Lemma CRInt_affine p q r s a b :
  CRInt (fun x => ((p + q * x)%R, (r + s * x)%R)) a b =
  ((p * (b - a) + q * (b * b - a * a) / 2)%R, (r * (b - a) + s * (b * b - a * a) / 2)%R).
Proof.
  apply (@is_RInt_unique C_R_CompleteNormedModule).
  apply (@is_RInt_fct_extend_pair R_NormedModule R_NormedModule); apply is_RInt_affine.
Qed.

Lemma RInt_ge_length (f : R -> R) a b : a <= b -> ex_RInt f a b ->
  (forall x, a <= x <= b -> 1 <= f x) -> b - a <= RInt f a b.
Proof.
  intros Hab Hf H. replace (b - a) with (RInt (fun _ => 1) a b).
  - apply RInt_le; auto. apply ex_RInt_const. intros; apply H; lra.
  - rewrite RInt_const. unfold scal; simpl; unfold mult; simpl. ring.
Qed.

Lemma is_derive_C_approx (g : C -> C) z l : @is_derive C_AbsRing C_NormedModule g z l ->
  forall eps, 0 < eps -> exists d, 0 < d /\ forall w, Cmod (w - z) < d ->
    Cmod (g w - g z - l * (w - z)) <= eps * Cmod (w - z).
Proof.
  intros [_ H] eps Heps.
  destruct (H z (fun P HP => HP) (mkposreal eps Heps)) as [e He].
  exists e. split; [apply cond_pos|]. intros w Hw.
  rewrite (Cmult_comm l). exact (He w Hw).
Qed.

Lemma is_derive_C_of_approx (g : C -> C) z l :
  (forall eps, 0 < eps -> exists d, 0 < d /\ forall w, Cmod (w - z) < d ->
    Cmod (g w - g z - l * (w - z)) <= eps * Cmod (w - z)) ->
  @is_derive C_AbsRing C_NormedModule g z l.
Proof.
  intros H. split; [apply is_linear_scal_l|].
  intros x Hx.
  apply (@is_filter_lim_locally_unique C_AbsRing (AbsRing_NormedModule C_AbsRing)) in Hx. subst x.
  intros eps. destruct (H eps (cond_pos eps)) as [d [Hd Hw]].
  exists (mkposreal _ Hd). intros y Hy. simpl. rewrite (Cmult_comm _ l). exact (Hw y Hy).
Qed.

────────────────────

### EXERCISE DETAILS
Starting at the line that contains "exists e. split;", write out every line through the last one in the data above, exactly as it stands.

### YOUR RESPONSE
  exists e. split; [apply cond_pos|]. intros w Hw.
  rewrite (Cmult_comm l). exact (He w Hw).
Qed.

Lemma is_derive_C_of_approx (g : C -> C) z l :
  (forall eps, 0 < eps -> exists d, 0 < d /\ forall w, Cmod (w - z) < d ->
    Cmod (g w - g z - l * (w - z)) <= eps * Cmod (w - z)) ->
  @is_derive C_AbsRing C_NormedModule g z l.
Proof.
  intros H. split; [apply is_linear_scal_l|].
  intros x Hx.
  apply (@is_filter_lim_locally_unique C_AbsRing (AbsRing_NormedModule C_AbsRing)) in Hx. subst x.
  intros eps. destruct (H eps (cond_pos eps)) as [d [Hd Hw]].
  exists (mkposreal _ Hd). intros y Hy. simpl. rewrite (Cmult_comm _ l). exact (Hw y Hy).
Qed.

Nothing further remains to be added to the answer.